Please go through the records below and return every line holding the word "treated".

- - - - -

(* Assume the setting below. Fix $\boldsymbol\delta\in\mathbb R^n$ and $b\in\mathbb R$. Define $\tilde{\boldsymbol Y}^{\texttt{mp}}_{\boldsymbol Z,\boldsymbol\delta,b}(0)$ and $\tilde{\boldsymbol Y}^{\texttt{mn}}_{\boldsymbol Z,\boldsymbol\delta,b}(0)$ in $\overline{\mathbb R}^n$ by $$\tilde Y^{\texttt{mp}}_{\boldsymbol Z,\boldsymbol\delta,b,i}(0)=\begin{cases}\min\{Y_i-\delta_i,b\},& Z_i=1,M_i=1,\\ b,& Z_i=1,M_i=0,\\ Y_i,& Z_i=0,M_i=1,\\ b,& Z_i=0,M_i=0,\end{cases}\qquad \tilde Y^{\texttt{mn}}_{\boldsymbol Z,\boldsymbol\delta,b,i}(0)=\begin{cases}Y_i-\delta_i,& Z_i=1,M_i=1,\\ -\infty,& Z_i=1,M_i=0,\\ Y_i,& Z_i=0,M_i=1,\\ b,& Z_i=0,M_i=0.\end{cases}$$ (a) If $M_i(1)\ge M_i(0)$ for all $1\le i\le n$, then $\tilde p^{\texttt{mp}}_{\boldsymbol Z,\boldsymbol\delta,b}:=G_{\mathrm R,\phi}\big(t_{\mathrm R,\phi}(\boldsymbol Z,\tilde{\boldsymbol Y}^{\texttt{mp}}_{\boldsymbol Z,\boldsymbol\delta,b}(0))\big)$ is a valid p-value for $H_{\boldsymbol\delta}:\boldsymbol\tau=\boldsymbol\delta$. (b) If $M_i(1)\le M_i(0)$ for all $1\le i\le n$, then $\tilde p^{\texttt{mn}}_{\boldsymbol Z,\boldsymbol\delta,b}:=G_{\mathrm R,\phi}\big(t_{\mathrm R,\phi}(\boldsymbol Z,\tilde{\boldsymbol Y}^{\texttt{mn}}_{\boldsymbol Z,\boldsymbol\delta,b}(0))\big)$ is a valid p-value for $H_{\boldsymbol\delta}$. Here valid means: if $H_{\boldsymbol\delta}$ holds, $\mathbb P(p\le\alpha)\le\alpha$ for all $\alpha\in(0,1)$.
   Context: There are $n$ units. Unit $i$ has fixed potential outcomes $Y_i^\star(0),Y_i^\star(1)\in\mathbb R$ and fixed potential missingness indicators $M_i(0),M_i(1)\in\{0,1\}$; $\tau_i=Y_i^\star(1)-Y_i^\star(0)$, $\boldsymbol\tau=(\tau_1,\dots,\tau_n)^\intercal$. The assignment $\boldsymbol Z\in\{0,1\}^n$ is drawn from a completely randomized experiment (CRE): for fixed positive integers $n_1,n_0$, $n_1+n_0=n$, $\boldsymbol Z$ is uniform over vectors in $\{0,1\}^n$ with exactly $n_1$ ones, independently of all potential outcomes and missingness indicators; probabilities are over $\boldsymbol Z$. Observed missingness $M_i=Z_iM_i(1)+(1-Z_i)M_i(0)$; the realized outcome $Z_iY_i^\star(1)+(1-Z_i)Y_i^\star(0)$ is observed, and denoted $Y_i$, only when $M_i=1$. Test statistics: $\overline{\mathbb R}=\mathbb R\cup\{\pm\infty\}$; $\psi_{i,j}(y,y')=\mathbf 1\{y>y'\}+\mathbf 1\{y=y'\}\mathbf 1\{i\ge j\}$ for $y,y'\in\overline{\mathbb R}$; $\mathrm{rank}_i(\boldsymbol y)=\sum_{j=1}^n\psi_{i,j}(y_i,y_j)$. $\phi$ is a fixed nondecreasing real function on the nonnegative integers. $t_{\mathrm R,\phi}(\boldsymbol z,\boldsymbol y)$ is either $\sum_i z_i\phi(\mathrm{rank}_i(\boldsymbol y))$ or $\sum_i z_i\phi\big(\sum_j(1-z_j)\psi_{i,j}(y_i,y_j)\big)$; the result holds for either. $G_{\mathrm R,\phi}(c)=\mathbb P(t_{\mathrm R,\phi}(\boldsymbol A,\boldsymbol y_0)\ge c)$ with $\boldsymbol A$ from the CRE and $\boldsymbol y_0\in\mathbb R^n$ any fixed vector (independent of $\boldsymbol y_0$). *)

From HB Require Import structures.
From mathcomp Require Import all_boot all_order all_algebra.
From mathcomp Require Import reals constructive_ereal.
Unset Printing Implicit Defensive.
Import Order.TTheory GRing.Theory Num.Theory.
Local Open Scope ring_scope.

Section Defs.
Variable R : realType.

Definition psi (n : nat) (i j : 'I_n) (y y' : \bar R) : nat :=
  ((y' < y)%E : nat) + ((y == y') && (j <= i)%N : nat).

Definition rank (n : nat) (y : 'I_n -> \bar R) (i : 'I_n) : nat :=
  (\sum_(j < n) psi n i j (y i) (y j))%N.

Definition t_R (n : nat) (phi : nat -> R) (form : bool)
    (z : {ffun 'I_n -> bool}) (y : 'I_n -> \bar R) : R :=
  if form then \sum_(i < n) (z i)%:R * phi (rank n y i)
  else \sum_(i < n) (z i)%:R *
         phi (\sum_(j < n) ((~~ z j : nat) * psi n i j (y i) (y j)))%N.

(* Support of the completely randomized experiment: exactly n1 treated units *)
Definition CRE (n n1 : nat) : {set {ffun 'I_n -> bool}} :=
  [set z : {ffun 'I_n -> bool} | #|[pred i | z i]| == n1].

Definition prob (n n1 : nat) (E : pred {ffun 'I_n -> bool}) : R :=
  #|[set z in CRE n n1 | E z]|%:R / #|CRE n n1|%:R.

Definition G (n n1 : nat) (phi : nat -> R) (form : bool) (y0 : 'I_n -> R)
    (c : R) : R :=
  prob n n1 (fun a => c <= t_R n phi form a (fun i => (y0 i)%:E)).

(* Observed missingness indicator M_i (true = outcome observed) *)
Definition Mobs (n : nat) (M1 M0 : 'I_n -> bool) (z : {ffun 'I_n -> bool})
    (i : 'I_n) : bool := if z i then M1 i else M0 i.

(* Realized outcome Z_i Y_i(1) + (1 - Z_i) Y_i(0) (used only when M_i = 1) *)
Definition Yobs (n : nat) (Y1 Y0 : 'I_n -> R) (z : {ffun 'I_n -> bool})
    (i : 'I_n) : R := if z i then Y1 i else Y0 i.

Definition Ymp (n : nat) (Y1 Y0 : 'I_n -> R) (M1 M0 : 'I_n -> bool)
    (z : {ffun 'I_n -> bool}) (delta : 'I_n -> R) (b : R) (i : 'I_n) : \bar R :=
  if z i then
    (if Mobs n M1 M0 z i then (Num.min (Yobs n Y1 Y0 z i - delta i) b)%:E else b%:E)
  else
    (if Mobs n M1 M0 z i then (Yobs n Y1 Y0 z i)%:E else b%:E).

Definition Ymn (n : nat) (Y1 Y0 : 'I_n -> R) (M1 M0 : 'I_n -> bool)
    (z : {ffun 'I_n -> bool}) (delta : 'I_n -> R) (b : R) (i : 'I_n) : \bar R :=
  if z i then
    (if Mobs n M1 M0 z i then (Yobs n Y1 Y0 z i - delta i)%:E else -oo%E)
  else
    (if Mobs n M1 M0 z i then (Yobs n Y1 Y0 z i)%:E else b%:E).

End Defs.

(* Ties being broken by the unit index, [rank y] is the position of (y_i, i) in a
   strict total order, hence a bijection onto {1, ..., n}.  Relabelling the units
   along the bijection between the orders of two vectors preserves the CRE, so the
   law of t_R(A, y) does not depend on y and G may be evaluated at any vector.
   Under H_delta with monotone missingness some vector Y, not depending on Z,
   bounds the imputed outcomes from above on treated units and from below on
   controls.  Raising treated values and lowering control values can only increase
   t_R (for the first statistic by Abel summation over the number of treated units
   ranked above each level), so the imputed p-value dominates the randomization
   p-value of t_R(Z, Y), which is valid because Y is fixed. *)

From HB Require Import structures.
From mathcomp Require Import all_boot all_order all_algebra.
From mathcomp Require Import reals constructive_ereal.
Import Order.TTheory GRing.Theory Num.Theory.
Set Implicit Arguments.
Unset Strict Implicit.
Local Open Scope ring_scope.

- - - - -

• **TASK RESPONSE**:
(* Support of the completely randomized experiment: exactly n1 treated units *)
   bounds the imputed outcomes from above on treated units and from below on
   controls.  Raising treated values and lowering control values can only increase
   t_R (for the first statistic by Abel summation over the number of treated units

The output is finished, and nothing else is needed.